Fin de concession, docu juste sur les médias, victime de sa faible exposition médiatique

Posté par geoffroy, le 31 octobre 2010, dans Actualité, société, Critiques, Films, Médias, Personnalités, célébrités, stars.

Voilà peu ou prou ce que le dernier film documentaire de Pierre Carles, agitateur de talent, poil à gratter des puissants, pourfendeur de la pensée unique et des connivences en tout genre – avec une préférence pour celle entre les journalistes et le monde politique –, m’inspire.

Néanmoins, ce billet n’envisage nullement d’établir un deuxième avis sur son film que l’on trouvera, de toute façon, parfaitement analysé ici.

En l’espèce, il ne s’agit pas de « descendre » un homme, journaliste de profession, dont la démarche jusqu’au-boutiste vise, depuis des années, à dénoncer les dérives d’un système politico-médiatique. A ce titre, je dois saluer la persévérance du bonhomme qui, en 1998 avec son Pas vu Pas pris, s’en prenait déjà aux grands médias nationaux et ses têtes de gondoles cathodiques. Visiblement rien n’aurait changé, à commencer par Carles lui-même. Il demeure toujours ce personnage haut en couleur plutôt sympathique continuant, vaille que vaille, son travail de sape contre le système médiatique. Peu importe que TF1, par l’intermédiaire de Patrick LeLay (ancien président directeur général de la chaine), ai reconnu phrase à l’appui sa fonction première : « Ce que nous vendons à Coca-Cola, c’est du temps de cerveau disponible ».

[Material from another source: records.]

(* Let $G_{20}$ be the graph with vertex set $\mathbb{Z}_{18}\cup\{x,y_0,y_1\}$ in which the vertices of $\mathbb{Z}_{18}$ form a clique, $x$ is adjacent to every element of $\mathbb{Z}_{18}$, $y_0$ is adjacent to exactly the even elements of $\mathbb{Z}_{18}$, $y_1$ to exactly the odd elements, and there are no edges among $x,y_0,y_1$. Consider the cyclic sequences $$L_0=(2, 7, 12, 16, 4, 6, 13, 10, y, 8, 9, 17, x, 1, 5, 3, 14, 11, 15),$$ $$L_1=(11, 13, 6, 2, 14, 12, 7, 9, 16, 10, y, 8, 3, 4, 17, x, 1, 15, 5),$$ $$L_2=(5, 16, 13, 14, 17, x, 1, 10, y, 8, 6, 15, 4, 7, 3, 9, 12, 2, 11).$$ For $\gamma\in\mathbb{Z}_{18}$, let the rotation at $\gamma$ be obtained from $L_{\gamma\bmod 3}$ by adding $\gamma$ (mod 18) to each numerical entry, leaving $x$ unchanged and replacing $y$ by $y_{\gamma \bmod 2}$. Then there exist rotations at $x$, $y_0$, $y_1$ such that the resulting rotation system is a triangular embedding of $G_{20}$ in the orientable surface $S_{22}$ of genus $22$.
   Context: A rotation system on a simple graph assigns to each vertex a cyclic ordering of its neighbors and determines a cellular orientable embedding. An embedding is triangular if every face is a triangle. $S_k$ denotes the orientable surface of genus $k$. *)

From mathcomp Require Import all_boot.
Set Implicit Arguments. Unset Strict Implicit. Unset Printing Implicit Defensive.

(* A rotation system on graph (T, adj) assigns to each vertex v a sequence
   [rot v] listing its neighbours; it is read as a cyclic ordering
   (the successor of u around v is [next (rot v) u], path.v). *)
Definition valid_rotation (T : finType) (adj : rel T) (rot : T -> seq T) : Prop :=
  forall v, uniq (rot v) /\ (forall u, (u \in rot v) = adj v u).

Definition darts (T : finType) (adj : rel T) : {set T * T} :=
  [set d : T * T | adj d.1 d.2].

Definition face_step (T : finType) (rot : T -> seq T) (d : T * T) : T * T :=
  (d.2, next (rot d.2) d.1).

Definition nfaces (T : finType) (adj : rel T) (rot : T -> seq T) : nat :=
  fcard (face_step rot) (mem (darts adj)).

Definition triangular (T : finType) (adj : rel T) (rot : T -> seq T) : Prop :=
  forall d, d \in darts adj -> order (face_step rot) d = 3.

(* the (cellular, orientable) embedding determined by rot lies in S_g:
   Euler's formula V - E + F = 2 - 2g, with #darts = 2E, written in nat *)
Definition embeds_in_genus (T : finType) (adj : rel T) (rot : T -> seq T) (g : nat)
  : Prop :=
  2 * (#|T| + nfaces adj rot + 2 * g) = #|darts adj| + 4.

(* vertices: inl i = i in Z_18; inr 0 = x, inr 1 = y_0, inr 2 = y_1 *)
Definition V20 : finType := ('I_18 + 'I_3)%type.

Definition vx : V20 := inr (@inord 2 0).
Definition vy (b : nat) : V20 := inr (@inord 2 (1 + b %% 2)).

Definition adj20 : rel V20 := fun a b =>
  match a, b with
  | inl i, inl j => i != j
  | inl i, inr k => (val k == 0) || (val k == 1 + odd i)
  | inr k, inl i => (val k == 0) || (val k == 1 + odd i)
  | inr _, inr _ => false
  end.

Inductive sym := Num of nat | SX | SY.

Definition L0 : seq sym :=
  [:: Num 2; Num 7; Num 12; Num 16; Num 4; Num 6; Num 13; Num 10; SY; Num 8;
      Num 9; Num 17; SX; Num 1; Num 5; Num 3; Num 14; Num 11; Num 15].
Definition L1 : seq sym :=
  [:: Num 11; Num 13; Num 6; Num 2; Num 14; Num 12; Num 7; Num 9; Num 16; Num 10;
      SY; Num 8; Num 3; Num 4; Num 17; SX; Num 1; Num 15; Num 5].
Definition L2 : seq sym :=
  [:: Num 5; Num 16; Num 13; Num 14; Num 17; SX; Num 1; Num 10; SY; Num 8;
      Num 6; Num 15; Num 4; Num 7; Num 3; Num 9; Num 12; Num 2; Num 11].

Definition Lsel (r : nat) : seq sym :=
  if r == 0 then L0 else if r == 1 then L1 else L2.

Definition shift_sym (gamma : nat) (s : sym) : V20 :=
  match s with
  | Num k => inl (@inord 17 ((k + gamma) %% 18))
  | SX => vx
  | SY => vy gamma
  end.

Definition rot_num (gamma : 'I_18) : seq V20 :=
  map (shift_sym gamma) (Lsel (gamma %% 3)).

Definition rot20 (rx ry0 ry1 : seq V20) (v : V20) : seq V20 :=
  match v with
  | inl gamma => rot_num gamma
  | inr k => if val k == 0 then rx else if val k == 1 then ry0 else ry1
  end.

From Pilot Require Import Defs.
From mathcomp Require Import all_boot zmodp.

Set Implicit Arguments.
Unset Strict Implicit.
Unset Printing Implicit Defensive.

(** Take the rotation at [x] to send each neighbour [g] to [g - 1] and the
    rotation at [y_b] to send [g] to [g + 10].  A finite computation shows that
    every face is a triangle.  Since each dart lies on exactly one face,
    [3F = 2E = 378], so [F = 126], and Euler's formula
    [V - E + F = 21 - 189 + 126 = 2 - 2 * 22] gives genus 22. *)

Lemma order_traject (T : finType) (f : T -> T) (x : T) (n : nat) :
  0 < n -> fcycle f (traject f x n) -> uniq (traject f x n) -> order f x = n.
Proof.
case: n => // n _ cyc_p uniq_p.
by rewrite (order_cycle cyc_p uniq_p) ?size_traject // inE eqxx.
Qed.

Section RotationSystem.
Variables (T : finType) (adj : rel T) (rot : T -> seq T).

Lemma face_step_inj : (forall v, uniq (rot v)) -> injective (face_step rot).
Proof.
move=> rot_uniq [u v] [u' v'] [<- eq_next].
by have := congr1 (prev (rot v)) eq_next; rewrite !prev_next // => ->.
Qed.

Hypotheses (adj_sym : symmetric adj) (rot_valid : valid_rotation adj rot).

Lemma face_step_closed : fclosed (face_step rot) (mem (darts adj)).
Proof.
move=> [u v] _ /eqP <-; rewrite !inE /=.
by rewrite -(rot_valid v).2 mem_next (rot_valid v).2 adj_sym.
Qed.

Lemma nfaces_triangular : triangular adj rot -> nfaces adj rot * 3 = #|darts adj|.
Proof.
move=> tri; apply: fcard_order_set; last exact: face_step_closed.
- exact/face_step_inj/(fun v => (rot_valid v).1).
- by apply/subsetP=> d dart_d; rewrite inE /= tri.
Qed.

End RotationSystem.

Section ExtensionalRotation.
Variables (T : finType) (adj : rel T) (rot rot' : T -> seq T).
Hypothesis eq_rot : rot =1 rot'.

Lemma eq_face_step : face_step rot =1 face_step rot'.
Proof. by move=> d; rewrite /face_step eq_rot. Qed.

Lemma eq_valid_rotation : valid_rotation adj rot' -> valid_rotation adj rot.
Proof. by move=> valid v; rewrite eq_rot. Qed.

Lemma eq_triangular : triangular adj rot' -> triangular adj rot.
Proof.
move=> tri d dart_d; rewrite -(tri d dart_d); apply: eq_card => d'.
exact: (eq_fconnect eq_face_step).
Qed.

End ExtensionalRotation.

Lemma card_enum_seq (T : finType) (A : pred T) (s : seq T) :
  uniq s -> (forall x, x \in s) -> #|A| = count A s.
Proof.
move=> s_uniq s_complete.
rewrite -size_filter -(card_uniqP (filter_uniq _ s_uniq)).
by apply: eq_card => x; rewrite mem_filter s_complete andbT.
Qed.

Section Enumeration.
Variables (T : finType) (s : seq T).
Hypothesis s_complete : forall x, x \in s.

Lemma all_enum_seq (P : pred T) : all P s -> forall x, P x.
Proof. by move=> /allP all_P x; apply: all_P. Qed.

Lemma mem_enum_pairs (d : T * T) : d \in [seq (u, v) | u <- s, v <- s].
Proof. by case: d => u v; apply: allpairs_f. Qed.

Hypothesis s_uniq : uniq s.

Lemma card_darts_enum_seq (adj : rel T) :
  #|darts adj| = count (fun d => adj d.1 d.2) [seq (u, v) | u <- s, v <- s].
Proof.
have pairs_uniq : uniq [seq (u, v) | u <- s, v <- s].
  by apply: allpairs_uniq => // -[? ?] [? ?].
rewrite -(card_enum_seq _ pairs_uniq mem_enum_pairs).
by apply: eq_card => d; rewrite inE.
Qed.

End Enumeration.

Definition rot_x : seq V20 := [seq inl (inZp (18 - g)) | g <- iota 0 18].

Definition rot_y (b : nat) : seq V20 := [seq inl (inZp (b + 10 * k)) | k <- iota 0 9].

(* [inord] does not reduce under [vm_compute] (it goes through the opaque
   [idP]), whereas [inZp] does: the computations are carried out on the
   pointwise equal rotation system [rot_G20]. *)
Definition shift_sym_c (gamma : nat) (s : sym) : V20 :=
  match s with
  | Defs.Num k => inl (inZp (k + gamma))
  | SX => inr (inZp 0)
  | SY => inr (inZp (1 + odd gamma))
  end.

Definition rot_G20 (v : V20) : seq V20 :=
  if v is inl gamma then map (shift_sym_c gamma) (Lsel (gamma %% 3))
  else rot20 rot_x (rot_y 0) (rot_y 1) v.

Definition vertices20 : seq V20 :=
  [seq inl (inZp i) | i <- iota 0 18] ++ [seq inr (inZp k) | k <- iota 0 3].

Lemma rot20_G20 : rot20 rot_x (rot_y 0) (rot_y 1) =1 rot_G20.
Proof.
case=> // gamma; apply: eq_map; case=> [k||] /=; rewrite /vx /vy;
  [congr inl | congr inr..]; apply: ord_inj => /=.
- by rewrite inordK ?ltn_pmod.
- by rewrite inordK.
- by rewrite modn2 inordK; case: odd.
Qed.

Lemma mem_vertices20 (v : V20) : v \in vertices20.
Proof.
rewrite mem_cat; case: v => i; apply/orP; [left | right]; apply/mapP;
  exists (val i); rewrite ?mem_iota ?ltn_ord //; congr (_ _); apply: ord_inj;
  by rewrite /= modn_small.
Qed.

Lemma vertices20_uniq : uniq vertices20.
Proof. by vm_compute. Qed.

Lemma adj20_sym : symmetric adj20.
Proof. by case=> [i|k] [j|l] //=; rewrite eq_sym. Qed.

Lemma rot_G20_valid : valid_rotation adj20 rot_G20.
Proof.
have checked : all (fun v => uniq (rot_G20 v) &&
    all (fun u => (u \in rot_G20 v) == adj20 v u) vertices20) vertices20.
  by vm_compute.
move=> v; have /andP[rot_uniq /allP rot_adj] := all_enum_seq mem_vertices20 checked v.
by split=> // u; apply/eqP/rot_adj/mem_vertices20.
Qed.

Lemma rot_G20_triangular : triangular adj20 rot_G20.
Proof.
pose face3 d := traject (face_step rot_G20) d 3.
have checked : all (fun d => adj20 d.1 d.2 ==>
    fcycle (face_step rot_G20) (face3 d) && uniq (face3 d))
  [seq (u, v) | u <- vertices20, v <- vertices20] by vm_compute.
move=> d; rewrite inE => dart_d.
have /(implyP)/(_ dart_d)/andP[face_cycle face_uniq] :=
  all_enum_seq (mem_enum_pairs mem_vertices20) checked d.
exact: order_traject face_cycle face_uniq.
Qed.

Lemma card_darts20 : #|darts adj20| = 378.
Proof.
by rewrite (card_darts_enum_seq mem_vertices20 vertices20_uniq); vm_compute.
Qed.

Theorem mainTheorem3 :
  exists rx ry0 ry1 : seq V20,
    valid_rotation adj20 (rot20 rx ry0 ry1) /\
    triangular adj20 (rot20 rx ry0 ry1) /\
    embeds_in_genus adj20 (rot20 rx ry0 ry1) 22.
Proof.
exists rot_x, (rot_y 0), (rot_y 1).
have valid := eq_valid_rotation rot20_G20 rot_G20_valid.
have tri := eq_triangular rot20_G20 rot_G20_triangular.
have faces : nfaces adj20 (rot20 rot_x (rot_y 0) (rot_y 1)) = 126.
  apply/eqP; rewrite -(eqn_pmul2r (isT : 0 < 3)).
  by rewrite nfaces_triangular ?card_darts20 //; exact: adj20_sym.
split=> //; split=> //.
by rewrite /embeds_in_genus faces card_darts20 card_sum !card_ord.
Qed.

A vrai dire, le problème est ailleurs et ne vise pas la logique de sa démarche, au demeurant fort légitime, mais plutôt son statut. En effet, Pierre Carles n’est pas un marginal au sens premier du terme puisqu’il se définit lui-même comme un Don Quichotte de l’investigation. En le voyant travailler, je me dis qu’il ressemble au prototype de l’électron libre, sorte de père fouettard déambulant hors des sentiers battus avec comme seul attirail sa caméra de poche et son franc-parler. Comme un  inébranlable chevalier blanc, Monsieur Carles joue de la voix – in et off –, use et abuse de la caméra cachée, savoure ses moqueries ou les pièges qu’il tend aux puissants, délivre quelques belles contradictions, se répète, fatigue, se met continuellement en scène et, pour finir, cultive l’autocritique. Du bel art, à n’en pas douter. Mais vain. Comme un uppercut qui n’atteindrait jamais sa cible ou si peu.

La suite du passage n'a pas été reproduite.